For their second lap supporting The Art of Forgetting, Caroline Rose switched up the set, improvised with the setlist, and refocused the experience on having fun. La Force opened up for Rose Friday night at Union Transfer, and they too seemed to be on the same page.

La Force’s set had a false start, or so it seemed. Ariel Engle was checking levels, which ever-so-sneakily lead into playing back messages from a voicemail machine. The stop button would click, then the rewind button, a fragment played, and again the stop button would click.

Following a crowd grabbing performance of “XO Skeleton,” the title track of La Force’s latest album, Engle tapped into a sensitive desire, one she had while writing the song “Protection.” Unreleased, the song is about wanting to protect those you love, and accepting the things you can’t protect them from.

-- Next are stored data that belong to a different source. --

Lemma Exp_vsq_grad_perm (xs : 'rV[R]_p) (l : 'I_m) :
  Exp (fun s : {ffun 'I_n -> 'S_m} => \sum_i vsq (g i (s i l) xs)) = n%:R * sigma_star_sq g xs.
Proof.
rewrite (Exp_sum_perm_app (fun i j => vsq (g i j xs))) /sigma_star_sq natrM invfM.
by rewrite [m%:R^-1 / n%:R]mulrC !mulrA mulfV ?mul1r // pnatr_eq0 -lt0n.
Qed.

End ShuffleExpectation.

Section DRRStep.
Variables (R : realType) (n m p : nat).
Variables (F : 'I_n -> 'I_m -> 'rV[R]_p -> R) (g : 'I_n -> 'I_m -> 'rV[R]_p -> 'rV[R]_p).
Variables (mu L : R) (W : 'M[R]_n).
Hypotheses (n_gt0 : (0 < n)%N) (mu_ge0 : 0 <= mu) (L_gt0 : 0 < L)
  (F_sc : forall i l, strongly_convex_with mu (F i l) (g i l))
  (g_lip : forall i l, lipschitz_with L (g i l))
  (W_sym : W^T = W) (W_stoch : forall i, \sum_(j < n) W i j = 1).

Lemma fsq_grad_matrix_le (s : {ffun 'I_n -> 'S_m}) X (l : 'I_m) (y z : 'rV[R]_p) :
  fsq (\matrix_(i < n) g i (s i l) (row i X))
  <= 5 / 2 * L ^+ 2 * (fsq (cons_err X) + n%:R * vsq (avg_row X - y))
     + 10 * L * \sum_i bregman (F i (s i l)) (g i (s i l)) z y
     + 5 * \sum_i vsq (g i (s i l) z).
Proof.
rewrite fsq_rows; under eq_bigr do rewrite rowK.
apply: le_trans (ler_sum _ (fun i _ => vsq_grad_le L_gt0
  (fun x y => strongly_convex_bregman_ge0 x y mu_ge0 (F_sc i (s i l))) (g_lip i (s i l))
  (row i X) y z)) _.
by rewrite 2!big_split /= -!mulr_sumr sum_vsq_row_sub.
Qed.

Lemma fsq_cons_err_drr_step (a : R) (s : {ffun 'I_n -> 'S_m}) X (l : 'I_m) (y z : 'rV[R]_p) :
  let x := spectral_norm (W - n%:R^-1 *: const_mx 1) ^+ 2 in
  x < 1 -> 24 * x * (5 - x) * (a ^+ 2 * L ^+ 2) <= (2 - x) * (1 - x) ^+ 2 ->
  fsq (cons_err (drr_step W g a s X l))
  <= (1 + x) / 2 * fsq (cons_err X)
     + 30 * a ^+ 2 * n%:R * L ^+ 2 / (1 - x) * vsq (avg_row X - y)
     + 15 * x * a ^+ 2 / (1 - x) * \sum_i vsq (g i (s i l) z)
     + 30 * x * L * a ^+ 2 / (1 - x) * \sum_i bregman (F i (s i l)) (g i (s i l)) z y.
Proof.
move=> x x_lt1 step_le; have x_ge0 : 0 <= x := sqr_ge0 _.
set G := \matrix_(i < n) g i (s i l) (row i X); set P := fsq (cons_err X); set V := vsq _.
set S := \sum_i vsq _; set D := \sum_i bregman _ _ _ _.
have P_ge0 : 0 <= P := fsq_ge0 _; have V_ge0 : 0 <= V := vsq_ge0 _.
have mixing : fsq (cons_err (drr_step W g a s X l)) <= x * fsq (cons_err X - a *: cons_err G).
  by rewrite /drr_step -cons_errBZ; exact: fsq_cons_err_mulmx_le.
have young : fsq (cons_err X - a *: cons_err G) <= 3 / (2 + x) * P + 3 / (1 - x) * a ^+ 2 * fsq G.
  have c_gt0 : 0 < (1 - x) / (2 + x) by rewrite divr_gt0 //; lra.
  apply: le_trans (fsq_subZ_le_young _ _ _ c_gt0) _.
  have -> : 1 + (1 - x) / (2 + x) = 3 / (2 + x) by field; rewrite gt_eqF //; lra.
  have -> : 1 + ((1 - x) / (2 + x))^-1 = 3 / (1 - x).
    by rewrite invf_div; field; rewrite gt_eqF //; lra.
  rewrite lerD2l ler_wpM2l ?fsq_cons_err_le // mulr_ge0 ?sqr_ge0 // divr_ge0 //; lra.
have grad := fsq_grad_matrix_le s X l y z; rewrite -/G -/P -/V -/S -/D in grad.
have rate := consensus_rate_le x_ge0 x_lt1 (mulr_ge0 (sqr_ge0 a) (sqr_ge0 L)) step_le.
set B := 3 * x * a ^+ 2 / (1 - x).
have B_ge0 : 0 <= B.
  apply: divr_ge0; last lra.
  by apply: mulr_ge0; [apply: mulr_ge0 => //; lra | exact: sqr_ge0].
have V_coef_le : B * (5 / 2 * L ^+ 2 * n%:R) <= 30 * a ^+ 2 * n%:R * L ^+ 2 / (1 - x).
  set K := a ^+ 2 * L ^+ 2 * n%:R / (1 - x).
  have K_ge0 : 0 <= K.
    apply: divr_ge0; last lra.
    by rewrite mulr_ge0 ?ler0n // mulr_ge0 ?sqr_ge0.
  have -> : B * (5 / 2 * L ^+ 2 * n%:R) = 15 / 2 * (x * K) by rewrite /B /K; ring.
  have -> : 30 * a ^+ 2 * n%:R * L ^+ 2 / (1 - x) = 30 * K by rewrite /K; ring.
  have : 0 <= (1 - x) * K by rewrite mulr_ge0 //; lra.
  lra.
have expand : 3 * x / (2 + x) * P + B * (5 / 2 * L ^+ 2 * (P + n%:R * V) + 10 * L * D + 5 * S)
  = (3 * x / (2 + x) + 15 / 2 * x * (a ^+ 2 * L ^+ 2) / (1 - x)) * P
    + B * (5 / 2 * L ^+ 2 * n%:R) * V
    + 15 * x * a ^+ 2 / (1 - x) * S + 30 * x * L * a ^+ 2 / (1 - x) * D.
  by rewrite /B; ring.
have := ler_wpM2l x_ge0 young; have := ler_wpM2l B_ge0 grad.
have := ler_wpM2r P_ge0 rate; have := ler_wpM2r V_ge0 V_coef_le.
have -> : x * (3 / (2 + x) * P + 3 / (1 - x) * a ^+ 2 * fsq G) = 3 * x / (2 + x) * P + B * fsq G.
  by rewrite /B; ring.
lra.
Qed.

Engle was dressed in a red, straight jacket-like dress with many straps that wrapped around.  As “Ouroboros” went along, she pulled a strap, and a chunk of the dress fell. La Force’s set, accompanied by macabre projections, showed vulnerability and a seeker’s desire to go deeper.

La Force | photo by Megan Matuzak

Friday night, Caroline Rose was on one. They were in a silly, almost ambivalent mood: they playfully missed cues, brought up unhinged banter topics, wrapped their mouth around the whole microphone head and blew in and out like it was a train whistle, and creeped between the projector screens behind the backing vocals and band members.

But one of Rose’s on-stage antics “backfired.” Jokingly, they doubled down from the last time they were at Union Transfer, extrapolating that AI can’t mess up on stage like a performer can, and that maybe there should be a “tax on crowds” because of this. Balled up dollar bills were thrown on stage, scattered around thier feet. Some twenties were thrown, which they seductively waved and tucked into their Muay Thai shorts and bra.

Rose’s set was a lot like a roller coaster slowly creeping up the incline, the mechanisms clicking and your full body weight pressed against the back of the bench. Early in the set, Rose played the hazy, introspective song “The Doldrums” off The Art of Forgetting, and a few songs later off the same album, a song about depression’s influence on daily life:  “Everywhere I Go I Bring the Rain.”

The top of the incline, just before the drop, arrived with the iconic synth chords of “More of the Same” off Caroline Rose’s 2018 breakout album LONER. The crowd cheered loudly with several people turning to the other to give that “this is our favorite” look.  The euphoric, dizzying, racing decline delivered a promised thrill. Then, Caroline Rose and her band opened up the floodgates with “Bikini” and “Money.”

To end their set, Caroline Rose stage dove during “The Kiss,” a move that’s become their signature. (Though they did have to direct the Union Transfer crowd back to the stage after getting a little too close to being dumped into the lighting booth.)

Setlist
Apr
12
Caroline Rose at Union Transfer
  • Love/Lover/Friend
  • Rebirth
  • Miami
  • Better Than Gold
  • Everywhere I Go I Bring the Rain
  • The Doldrums
  • The Kiss
  • Cornbread
  • Stockholm Syndrome
  • Tell Me What You Want
  • Florida Room
  • Love Song for Myself
  • Jill Says
  • Where Do I Go From Here?
  • Goodbye May
  • More of the Same
  • Jeannie Becomes a Mom
  • Feel the Way I Want
  • Do You Think We'll Last Forever?